DATASET ENTRIES:

(* Let $0<q<p$ with $p+q=1$, and let $\mathcal D$ be the set of Dyck words over $\{S,H\}$ (S an up-step, H a down-step: equally many S and H, every prefix with at least as many S as H), including the empty word, endowed with the probability measure $\bar{\mathbb P}[w]=p(pq)^{|w|}$, where $|w|$ is half the length of $w$. For every integer $n\ge1$, the $\bar{\mathbb P}$-probability that a Dyck word ends with the subsequence $SH\cdots H$ with exactly $n$ letters H at the end is $pq^n$.
   Context: $\bar{\mathbb P}$ is a probability measure on $\mathcal D$: $\bar{\mathbb P}[w]$ is the probability that a random walk from $0$, with up-step probability $q$ and down-step probability $p$, follows the path $w$ and then steps to $-1$. *)

From HB Require Import structures.
From mathcomp Require Import all_boot all_order all_algebra.
From mathcomp Require Import all_classical all_reals all_analysis.
Set Implicit Arguments. Unset Strict Implicit. Unset Printing Implicit Defensive.
Import Order.TTheory GRing.Theory Num.Theory.
Local Open Scope ring_scope.

(* Words over {S,H}: [true] = S (up-step), [false] = H (down-step). *)

Fixpoint dyck_from (h : nat) (w : seq bool) : bool :=
  match w with
  | [::] => h == 0%N
  | b :: w' => if b then dyck_from h.+1 w'
               else if h is h'.+1 then dyck_from h' w' else false
  end.

Definition dyck (w : seq bool) : bool := dyck_from 0 w.

Definition half_len (w : seq bool) : nat := (size w)./2.

Definition Pbar (R : numDomainType) (p q : R) (w : seq bool) : R :=
  p * (p * q) ^+ half_len w.

Definition ends_SHn (n : nat) (w : seq bool) : bool :=
  suffix (true :: nseq n false) w.

(* Contribution to \bar P[A] of Dyck words of half-length k
   (words of length 2k, enumerated as tuples). *)
Definition Pbar_level (R : numDomainType) (p q : R) (A : pred (seq bool)) (k : nat) : R :=
  \sum_(t : (k.*2).-tuple bool | dyck t && A t) Pbar p q t.

From HB Require Import structures.
From mathcomp Require Import all_boot all_order all_algebra.
From mathcomp Require Import all_classical all_reals all_analysis.
From mathcomp Require Import zify ring lra.
Set Implicit Arguments. Unset Strict Implicit. Unset Printing Implicit Defensive.
Import Order.TTheory GRing.Theory Num.Theory numFieldNormedType.Exports.
Local Open Scope classical_set_scope.
Local Open Scope ring_scope.

(* Since Pbar[w] only depends on the length of w, reversing a Dyck word and
   exchanging S and H does not change Pbar, and it turns the words ending with
   S H^n into the words beginning with S^n H.  Such a word is S^n H followed by
   a walk v from height n-1 that stays nonnegative and returns to 0, and
   Pbar[S^n H v] = q^n p * (p * weight v), where p * weight v is the
   probability that the walk started at n-1 first reaches -1 along v.  As
   q < p the walk reaches -1 almost surely, so these probabilities add up to 1
   and the answer is p q^n.  Quantitatively, the probability that the walk
   started at height h stays nonnegative for M steps is at most
   r^h (q r + p / r)^M for any r >= 1, and
   r = 1 / (2 q) makes the ratio q r + p / r = 1/2 + 2 p q smaller than 1. *)

Definition walk_step (b : bool) (h : nat) : option nat :=
  if b then Some h.+1 else if h is h'.+1 then Some h' else None.

Fixpoint walk_end (h : nat) (w : seq bool) : option nat :=
  if w is b :: w' then obind (walk_end^~ w') (walk_step b h) else Some h.

Lemma walk_end_rcons h w b :
  walk_end h (rcons w b) = obind (walk_step b) (walk_end h w).
Proof.
elim: w h => [|c w IH] h /=; first by case: (walk_step b h).
by case: (walk_step c h) => [h'|] //=; rewrite IH.
Qed.

Lemma walk_end_nseq_true h n w :
  walk_end h (nseq n true ++ w) = walk_end (h + n) w.
Proof. by elim: n h => [|n IH] h /=; rewrite ?addn0 ?IH ?addSnnS. Qed.

Lemma dyck_fromE h w : dyck_from h w = (walk_end h w == Some 0%N).
Proof. by elim: w h => [|[] w IH] [|h] //=. Qed.

Lemma walk_end_count h g w :
  walk_end h w = Some g -> (h + count id w = g + count negb w)%N.
Proof.
elim: w h => [|b w IH] h /=; first by move=> [->].
by case: b h => [|] [|h] //= /IH; lia.
Qed.

Lemma walk_end_rev_negb h g w :
  (walk_end h (rev (map negb w)) == Some g) = (walk_end g w == Some h).
Proof.
elim: w h g => [|b w IH] h g; first by rewrite eq_sym.
rewrite map_cons rev_cons walk_end_rcons.
by case: b g => [|] [|g] /=; rewrite -?IH; case: (walk_end h _) => [[|x]|].
Qed.

Lemma count_id_negb (w : seq bool) : (count id w + count negb w)%N = size w.
Proof. exact: count_predC. Qed.

Lemma rev_negbK : involutive (fun w : seq bool => rev (map negb w)).
Proof. by move=> w; rewrite map_rev revK (mapK negbK). Qed.

Lemma dyck_rev_negb w : dyck (rev (map negb w)) = dyck w.
Proof. by rewrite /dyck !dyck_fromE walk_end_rev_negb. Qed.

Lemma prefix_map (T U : eqType) (f : T -> U) s1 s2 : injective f ->
  prefix (map f s1) (map f s2) = prefix s1 s2.
Proof.
by move=> f_inj; rewrite !prefixE size_map -map_take (inj_eq (inj_map f_inj)).
Qed.

Lemma ends_SHn_rev_negb n w :
  ends_SHn n (rev (map negb w)) = prefix (rcons (nseq n true) false) w.
Proof.
rewrite /ends_SHn -(revK (true :: _)) suffix_rev rev_cons rev_nseq.
by rewrite -[RHS](prefix_map _ _ negb_inj) map_rcons map_nseq.
Qed.

Lemma big_tuple_cons (V : nmodType) m (F : seq bool -> V) :
  \sum_(t : m.+1.-tuple bool) F t =
  \sum_(t : m.-tuple bool) F (true :: t) + \sum_(t : m.-tuple bool) F (false :: t).
Proof.
rewrite (reindex (fun x : bool * m.-tuple bool => [tuple of x.1 :: x.2])) /=.
  by rewrite -(pair_big xpredT xpredT (fun b (t : m.-tuple bool) => F (b :: t))) big_bool.
exists (fun t : m.+1.-tuple bool => (thead t, [tuple of behead t])).
  by move=> [b t] _; congr pair; apply: val_inj.
by move=> [[|b s] //= ?] _; apply: val_inj.
Qed.

Lemma sum_even_nat (V : nmodType) (F : nat -> V) K :
  (forall j, odd j -> F j = 0) ->
  \sum_(0 <= k < K) F k.*2 = \sum_(0 <= j < K.*2) F j.
Proof.
move=> F_odd; elim: K => [|K IH]; first by rewrite !big_geq.
by rewrite doubleS !big_nat_recr //= IH (F_odd K.*2.+1) ?addr0 //= odd_double.
Qed.

Lemma sum_shift_nat (V : nmodType) (F : nat -> V) a N :
  \sum_(0 <= j < N) (if (a <= j)%N then F (j - a)%N else 0) =
  \sum_(0 <= m < N - a) F m.
Proof.
elim: N => [|N IH]; first by rewrite !big_geq.
rewrite big_nat_recr //= IH; case: leqP => [le_a_N | lt_N_a].
  by rewrite subSn // big_nat_recr.
have [-> ->] : (N - a = 0 /\ N.+1 - a = 0)%N by lia.
by rewrite addr0.
Qed.

Section WalkMass.
Variables (R : numDomainType) (p q : R).

Definition walk_weight (w : seq bool) : R := \prod_(b <- w) (if b then q else p).

Definition walk_mass (A : pred (seq bool)) (m : nat) : R :=
  \sum_(t : m.-tuple bool | A t) walk_weight t.

(* [p * end_mass (pred1 0) h m] is the probability that the walk started at
   height h first reaches -1 at step m + 1, and [end_mass predT h M] is the
   probability that it stays nonnegative during its first M steps. *)
Definition end_mass (E : pred nat) (h m : nat) : R :=
  walk_mass (fun w => oapp E false (walk_end h w)) m.

Lemma walk_weight_cons b w :
  walk_weight (b :: w) = (if b then q else p) * walk_weight w.
Proof. exact: big_cons. Qed.

Lemma walk_weight_count w :
  walk_weight w = q ^+ count id w * p ^+ count negb w.
Proof.
elim: w => [|b w IH]; first by rewrite /walk_weight big_nil mulr1.
by rewrite walk_weight_cons IH; case: b; rewrite /= !exprS; ring.
Qed.

Lemma eq_walk_mass A B m : A =1 B -> walk_mass A m = walk_mass B m.
Proof. by move=> eqAB; apply: eq_bigl => t; exact: eqAB. Qed.

Lemma walk_mass0 m : walk_mass (fun _ => false) m = 0.
Proof. exact: big_pred0. Qed.

Lemma walk_mass_ge0 A m : 0 <= p -> 0 <= q -> 0 <= walk_mass A m.
Proof.
move=> p_ge0 q_ge0; apply: sumr_ge0 => t _.
by apply: prodr_ge0 => -[].
Qed.

Lemma walk_massS A m :
  walk_mass A m.+1 = q * walk_mass (fun w => A (true :: w)) m
                     + p * walk_mass (fun w => A (false :: w)) m.
Proof.
rewrite /walk_mass big_mkcond.
rewrite (big_tuple_cons _ (fun w => if A w then walk_weight w else 0)) !mulr_sumr.
by congr (_ + _); rewrite [RHS]big_mkcond; apply: eq_bigr => t _;
  rewrite walk_weight_cons; case: ifP; rewrite ?mulr0.
Qed.

Lemma walk_mass_prefix u A m :
  walk_mass (fun w => prefix u w && A w) (size u + m) =
  walk_weight u * walk_mass (fun w => A (u ++ w)) m.
Proof.
elim: u A => [|b u IH] A.
  by rewrite /walk_weight big_nil mul1r; apply: eq_bigl => t; rewrite prefix0s.
rewrite addSn walk_massS walk_weight_cons -mulrA.
by case: b => /=; rewrite IH walk_mass0 mulr0 ?addr0 ?add0r.
Qed.

Lemma walk_mass_prefix_sub u A m :
  walk_mass (fun w => prefix u w && A w) m =
  if (size u <= m)%N then walk_weight u * walk_mass (fun w => A (u ++ w)) (m - size u)
  else 0.
Proof.
case: leqP => [/subnKC {1}<- | lt_m_u]; first exact: walk_mass_prefix.
apply: big_pred0 => t; apply/negbTE; apply: contraTN lt_m_u => /andP[/size_prefix].
by rewrite size_tuple -leqNgt.
Qed.

Lemma end_mass0 E h : end_mass E h 0 = (E h)%:R.
Proof.
rewrite /end_mass /walk_mass big_mkcond (big_pred1 [tuple]) => [|t].
  by rewrite /= /walk_weight big_nil; case: (E h).
exact/esym/eqP/tuple0.
Qed.

Lemma end_massS E h m :
  end_mass E h m.+1 =
  q * end_mass E h.+1 m + (if h is h'.+1 then p * end_mass E h' m else 0).
Proof. by rewrite /end_mass walk_massS; case: h => [|h] //=; rewrite walk_mass0 mulr0. Qed.

Lemma end_mass_odd g h m : odd (g + h + m) -> end_mass (pred1 g) h m = 0.
Proof.
move=> odd_ghm; apply: big_pred0 => t /=.
case end_t: (walk_end h t) => [x|] //=; apply/negbTE/eqP => x_eq_g.
have := count_id_negb t; rewrite size_tuple => size_t.
have := walk_end_count end_t; rewrite x_eq_g => count_t.
suff : (g + h + m = (g + count negb t).*2)%N.
  by move/(congr1 odd); rewrite odd_ghm odd_double.
lia.
Qed.

Lemma walk_weight_dyck w : dyck w -> p * walk_weight w = Pbar p q w.
Proof.
rewrite /dyck dyck_fromE => /eqP /walk_end_count; rewrite !add0n => count_eq.
rewrite /Pbar /half_len -count_id_negb count_eq addnn doubleK.
by rewrite walk_weight_count count_eq exprMn; ring.
Qed.

Lemma Pbar_level_walk_mass A k :
  Pbar_level p q A k = p * walk_mass (fun w => dyck w && A w) k.*2.
Proof.
rewrite /Pbar_level /walk_mass mulr_sumr.
by apply: eq_bigr => t /andP[dyck_t _]; rewrite walk_weight_dyck.
Qed.

Hypothesis hpq : p + q = 1.

Lemma first_passage_plus_survival h M :
  p * \sum_(0 <= m < M) end_mass (pred1 0%N) h m + end_mass predT h M = 1.
Proof.
elim: M h => [|M IH] h; first by rewrite big_geq // mulr0 add0r end_mass0.
rewrite big_nat_recl // end_mass0 end_massS.
under eq_bigr do rewrite end_massS.
rewrite big_split /= -mulr_sumr.
case: h => [|h] /=.
  rewrite big1_eq !addr0.
  transitivity (p + q * (p * \sum_(0 <= m < M) end_mass (pred1 0%N) 1 m
                         + end_mass predT 1 M)); first by ring.
  by rewrite IH mulr1.
rewrite -mulr_sumr.
transitivity (q * (p * \sum_(0 <= m < M) end_mass (pred1 0%N) h.+2 m + end_mass predT h.+2 M)
              + p * (p * \sum_(0 <= m < M) end_mass (pred1 0%N) h m + end_mass predT h M)).
  by ring.
by rewrite !IH !mulr1 addrC.
Qed.

End WalkMass.

Lemma Pbar_level_rev_negb (R : numDomainType) (p q : R) A k :
  Pbar_level p q A k = Pbar_level p q (fun w => A (rev (map negb w))) k.
Proof.
pose rc (t : (k.*2).-tuple bool) := [tuple of rev (map negb t)].
have rcK : involutive rc by move=> t; apply: val_inj; exact: rev_negbK.
rewrite /Pbar_level (reindex_inj (inv_inj rcK)) /=.
by apply: eq_big => [t|t _]; rewrite ?dyck_rev_negb // /Pbar /half_len size_rev size_map.
Qed.

Lemma Pbar_level_ends_SHn (R : numDomainType) (p q : R) n k :
  Pbar_level p q (ends_SHn n.+1) k =
  p * q ^+ n.+1 * p *
    (if (n.+2 <= k.*2)%N then end_mass p q (pred1 0%N) n (k.*2 - n.+2) else 0).
Proof.
rewrite Pbar_level_rev_negb Pbar_level_walk_mass.
rewrite (@eq_walk_mass _ _ _ _
    (fun w => prefix (rcons (nseq n.+1 true) false) w && dyck w));
  last by move=> w; rewrite ends_SHn_rev_negb andbC.
rewrite walk_mass_prefix_sub size_rcons size_nseq; case: ifP => _; last by rewrite !mulr0.
have -> : walk_weight p q (rcons (nseq n.+1 true) false) = q ^+ n.+1 * p.
  by rewrite walk_weight_count -cats1 !count_cat !count_nseq /= mul1n mul0n !addn0.
rewrite !mulrA; congr (_ * _); apply: eq_walk_mass => w.
rewrite /dyck dyck_fromE cat_rcons walk_end_nseq_true /=.
by case: (walk_end n w).
Qed.

Lemma series_Pbar_level_ends_SHn (R : numDomainType) (p q : R) n K :
  p + q = 1 ->
  series (Pbar_level p q (ends_SHn n.+1)) K =
  p * q ^+ n.+1 * (1 - end_mass p q predT n (K.*2 - n.+2)).
Proof.
move=> hpq; rewrite /series /=.
under eq_bigr do rewrite Pbar_level_ends_SHn.
rewrite -mulr_sumr (sum_even_nat (F := fun j =>
  if (n.+2 <= j)%N then end_mass p q (pred1 0%N) n (j - n.+2) else 0)).
  rewrite sum_shift_nat -mulrA.
  by rewrite -(first_passage_plus_survival hpq n (K.*2 - n.+2)) addrK.
move=> j odd_j; case: ifP => // le_n2_j; apply: end_mass_odd.
rewrite add0n (_ : n + _ = j - 2)%N; last by lia.
by rewrite oddB ?odd_j // (leq_trans _ le_n2_j).
Qed.

(* At each step, r ^+ height is multiplied on average by q * r + p / r. *)
Lemma survival_le (R : realFieldType) (p q r : R) h M :
  0 <= p -> 0 <= q -> 1 <= r ->
  end_mass p q predT h M <= r ^+ h * (q * r + p / r) ^+ M.
Proof.
move=> p_ge0 q_ge0 r_ge1; have r_gt0 : 0 < r := lt_le_trans ltr01 r_ge1.
have r_ge0 := ltW r_gt0.
have rho_ge0 : 0 <= q * r + p / r by apply: addr_ge0; [exact: mulr_ge0 | exact: divr_ge0].
elim: M h => [|M IH] h; first by rewrite end_mass0 expr0 mulr1 exprn_ege1.
rewrite end_massS; case: h => [|h].
  rewrite addr0 expr0 mul1r exprS; apply: le_trans (ler_wpM2l q_ge0 (IH 1%N)) _.
  rewrite expr1 mulrA mulrDl lerDl.
  exact: mulr_ge0 (divr_ge0 p_ge0 r_ge0) (exprn_ge0 _ rho_ge0).
apply: le_trans (lerD (ler_wpM2l q_ge0 (IH h.+2)) (ler_wpM2l p_ge0 (IH h))) _.
by rewrite le_eqVlt; apply/orP; left; apply/eqP; rewrite !exprS; field; rewrite gt_eqF.
Qed.

Lemma survival_cvg0 (R : archiRealFieldType) (p q : R) h :
  0 < q -> q < p -> p + q = 1 -> end_mass p q predT h M @[M --> \oo] --> 0.
Proof.
move=> q_gt0 q_lt_p hpq; have p_gt0 := lt_trans q_gt0 q_lt_p.
have [p_ge0 q_ge0] := (ltW p_gt0, ltW q_gt0).
pose r := (2 * q)^-1; pose rho := q * r + p / r.
have r_ge1 : 1 <= r by rewrite /r -div1r ler_pdivlMr; lra.
have rhoE : rho = 2^-1 + 2 * p * q by rewrite /rho /r; field; lra.
have rho_ge0 : 0 <= rho by rewrite rhoE; nra.
have rho_lt1 : rho < 1.
  rewrite rhoE; have : 0 < (p - q) * (p - q) by apply: mulr_gt0; lra.
  have : (p + q) * (p + q) = 1 by rewrite hpq mulr1.
  nra.
apply: (@squeeze_cvgr _ _ _ _ (cst 0) (fun M => r ^+ h * rho ^+ M)).
- by near=> M; rewrite walk_mass_ge0 ?survival_le.
- exact: cvg_cst.
- rewrite -(mulr0 (r ^+ h)); apply: cvgMl_tmp; apply: cvg_expr; rewrite ger0_norm //.
Unshelve. all: by end_near.
Qed.

Theorem lemma9 (R : realType) (p q : R) (hq : 0 < q) (hqp : q < p)
  (hpq : p + q = 1) (n : nat) (hn : (1 <= n)%N) :
  series (Pbar_level p q (ends_SHn n)) @ \oo --> p * q ^+ n.
Proof.
case: n hn => // n _.
have double_sub_cvg : (fun K => (K.*2 - n.+2)%N) @ \oo --> \oo.
  under eq_fun do rewrite -mul2n.
  exact: cvg_comp _ _ (cvg_mulnl 2 isT) (cvg_subnr _).
rewrite (funext (fun K => series_Pbar_level_ends_SHn n K hpq)).
rewrite -[X in _ --> X]mulr1 -[1 in X in _ --> X](subr0 1).
apply: cvgMl_tmp; apply: cvgB; first exact: cvg_cst.
exact: cvg_comp _ _ double_sub_cvg (survival_cvg0 n hq hqp hpq).
Qed.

TRY IT: As the answer, set down only the lines from the data above between the one holding "Lemma big_tuple_cons (V" and the one holding "rewrite (reindex (fun", inclusive, exactly as they read.

RESULT:
Lemma big_tuple_cons (V : nmodType) m (F : seq bool -> V) :
  \sum_(t : m.+1.-tuple bool) F t =
  \sum_(t : m.-tuple bool) F (true :: t) + \sum_(t : m.-tuple bool) F (false :: t).
Proof.
rewrite (reindex (fun x : bool * m.-tuple bool => [tuple of x.1 :: x.2])) /=.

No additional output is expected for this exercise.